> **Exercise prompt**
Using the data beneath this instruction, retype only the lines from the one that contains "have N_neq0 : N%:R" down to the one that contains "rewrite !mxE (sum_ord_supp1", both included, exactly as they appear.

━━ Available records

Lemma predicts_emb d (Xo : 'M[R]_(d, 2)) (x : nat -> R) (y : 'I_N) :
  (2 * nR + 3 <= d)%N -> col ord_max Xo = \col_(k < d) x k ->
  x 1%N = 1 -> (forall h, (h < nR)%N -> x (2 + h)%N = 0) -> x (2 + 2 * nR)%N = 0 ->
  (forall h, (h < nR)%N -> x (2 + nR + h)%N < 2) ->
  `|x 0%N - 2 * (y : nat)%:R| < 1 ->
  predicts (emb d) Xo (inl y).
Proof.
move=> hd Xo_x x1 x_tab x_flag x_rel x0_y; rewrite /predicts Xo_x => t.
rewrite dotv_emb_subj // x1 !mulr1.
case: t => [y'|r'] ne; last first.
  rewrite dotv_emb_rel // x1.
  by have := x_rel r' (ltn_ord r'); have := parabola_ge0 x0_y; lra.
have ne' : (y : nat) != y' by apply: contraNneq ne => /val_inj ->.
rewrite dotv_emb_subj // x1 mulr1.
by have := parabola_lt (natr_dist_ge1 R ne') x0_y; lra.
Qed.

Definition copy_head d : 'I_1 -> attn_head R d d := fun=>
  Head 0 0 (\matrix_(k, l)
    if (2 + nR <= k < 2 + 2 * nR)%N && ((l : nat) == k - nR)%N then 2 / N%:R else 0).

Lemma copy_head_value d s r (k : 'I_d) (i : 'I_2) :
  (WV (copy_head d ord0) *m input_seq (emb d) s r) k i =
  if (2 + nR <= k < 2 + 2 * nR)%N && (val i == 0%N)
  then 2 / N%:R * attr (k - 2 - nR) s else 0.
Proof.
rewrite mxE; case: (boolP (2 + nR <= k < 2 + 2 * nR)%N) => [k_in|k_out]; last first.
  by apply: big1 => l _; rewrite !mxE (negbTE k_out) mul0r.
have lt_l : (k - nR < d)%N by have := ltn_ord k; lia.
rewrite (sum_ord_supp1 lt_l) => [|l l_ne]; last first.
  by rewrite !mxE k_in /= (negbTE l_ne) mul0r.
rewrite !mxE /= k_in eqxx /= (_ : k - nR = 2 + (k - 2 - nR))%N; last by lia.
by case: ifP => _; [rewrite subj_coord_tab | rewrite rel_coord_tab ?mulr0] => //; lia.
Qed.

Definition copied s r (k : nat) : R :=
  (if (2 + nR <= k < 2 + 2 * nR)%N then attr (k - 2 - nR) s / N%:R else 0) + rel_coord r k.

Lemma copied_lo s r k : (k < 2 + nR)%N -> copied s r k = rel_coord r k.
Proof. by move=> lt_k; rewrite /copied ifF ?add0r //; lia. Qed.

Lemma copied_rel s r h :
  (h < nR)%N -> copied s r (2 + nR + h) = attr h s / N%:R + (h == r)%:R.
Proof.
move=> lt_h; rewrite /copied rel_coord_rel ifT; last by lia.
by rewrite (_ : 2 + nR + h - 2 - nR = h)%N //; lia.
Qed.

Lemma copied_flag s r : copied s r (2 + 2 * nR) = 0.
Proof. by rewrite /copied rel_coord_flag ifF ?addr0 //; lia. Qed.

Lemma copy_layer d s r (k : 'I_d) :
  (mh_attn (copy_head d) (input_seq (emb d) s r) + input_seq (emb d) s r) k ord_max =
  copied s r k.
Proof.
rewrite mxE mh_attn_last2 big_ord1 !last_score_WK0 // subrr logistic0.
rewrite !copy_head_value /= [input_seq _ _ _ _ _]mxE /= /copied andbT andbF mulr0 addr0.
by case: ifP => _; rewrite mxE ?mulr0 ?add0r // !mulrA mulVf ?pnatr_eq0 // mul1r mulrC.
Qed.

Definition gate_mlp d : mlp3 R d nR :=
  MLP3 (\matrix_(h, k) if (k : nat) == (2 + nR + h)%N then N%:R else 0) (const_mx (- N%:R))
       1%:M 0 (\matrix_(k, h) if (k : nat) == 0%N then 2 else 0) 0.

Lemma gate_mlp_apply d s r (v : 'cV[R]_d) (k : 'I_d) :
  (2 * nR + 3 <= d)%N -> (forall k : 'I_d, v k 0 = copied s r k) ->
  mlp3_apply (gate_mlp d) v k 0 = if (k : nat) == 0%N then 2 * (g r s : nat)%:R else 0.
Proof.
move=> hd v_copied.
have N_neq0 : N%:R != 0 :> R by rewrite pnatr_eq0 -lt0n (leq_ltn_trans _ (ltn_ord s)).
have gate (h : 'I_nR) :
    relu ((W1 (gate_mlp d) *m v + b1 (gate_mlp d)) h 0) =
    if h == r then (g r s : nat)%:R else 0.
  have lt_l : (2 + nR + h < d)%N by have := ltn_ord h; lia.
  rewrite !mxE (sum_ord_supp1 lt_l) => [|l l_ne]; last by rewrite !mxE (negbTE l_ne) mul0r.
  rewrite !mxE /= eqxx v_copied copied_rel //.
  rewrite attrE mulrDr mulrCA mulfV // mulr1 val_eqE.
  case: eqVneq => [->|_]; first by rewrite mulr1 addrK ger0_relu.
  by rewrite mulr0 addr0 ler0_relu // subr_le0 ler_nat ltnW.
have hidden (h : 'I_nR) : reluv (reluv (W1 (gate_mlp d) *m v + b1 (gate_mlp d))) h 0 =
    if h == r then (g r s : nat)%:R else 0.
  by rewrite mxE [reluv _ _ _]mxE gate ger0_relu //; case: eqP.
rewrite /mlp3_apply [W2 _]/= [b2 _]/= [b3 _]/= mul1mx !addr0 mxE (bigD1 r) //.
rewrite big1 => [|h h_ne].
  by rewrite hidden eqxx [W3 _]/= mxE /= addr0; case: ifP; rewrite ?mul0r.
by rewrite hidden (negbTE h_ne) mulr0.
Qed.

Lemma recall_with_mlp d s r : (2 * nR + 3 <= d)%N ->
  predicts (emb d) (layer_mlp (copy_head d) (gate_mlp d) (input_seq (emb d) s r))
    (inl (g r s)).
Proof.
move=> hd.
apply: (predicts_emb
  (x := fun k => copied s r k + if k == 0%N then 2 * (g r s : nat)%:R else 0)).
- exact: hd.
- apply/matrixP => k j; rewrite [RHS]mxE mxE /layer_mlp mxE copy_layer [mlp3_cols _ _ _ _]mxE.
  by rewrite (gate_mlp_apply (s := s) (r := r) _ hd) // => k'; rewrite mxE copy_layer.
- by rewrite /= copied_lo // rel_coord1 addr0.
- by move=> h lt_h; rewrite /= copied_lo ?rel_coord_tab ?ltn_add2l // addr0.
- by rewrite /= copied_flag addr0.
- move=> h lt_h; rewrite /= copied_rel // addr0.
  have : attr h s / N%:R < 1.
    by rewrite ltr_pdivrMr ?mul1r ?attr_lt // ltr0n (leq_ltn_trans _ (ltn_ord s)).
  have : (h == r)%:R <= 1 :> R by rewrite lern1 leq_b1.
  lra.
- by rewrite /= copied_lo // rel_coord0 add0r subrr normr0 ltr01.
Qed.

━━━━

> **Task output**
have N_neq0 : N%:R != 0 :> R by rewrite pnatr_eq0 -lt0n (leq_ltn_trans _ (ltn_ord s)).
have gate (h : 'I_nR) :
    relu ((W1 (gate_mlp d) *m v + b1 (gate_mlp d)) h 0) =
    if h == r then (g r s : nat)%:R else 0.
  have lt_l : (2 + nR + h < d)%N by have := ltn_ord h; lia.
  rewrite !mxE (sum_ord_supp1 lt_l) => [|l l_ne]; last by rewrite !mxE (negbTE l_ne) mul0r.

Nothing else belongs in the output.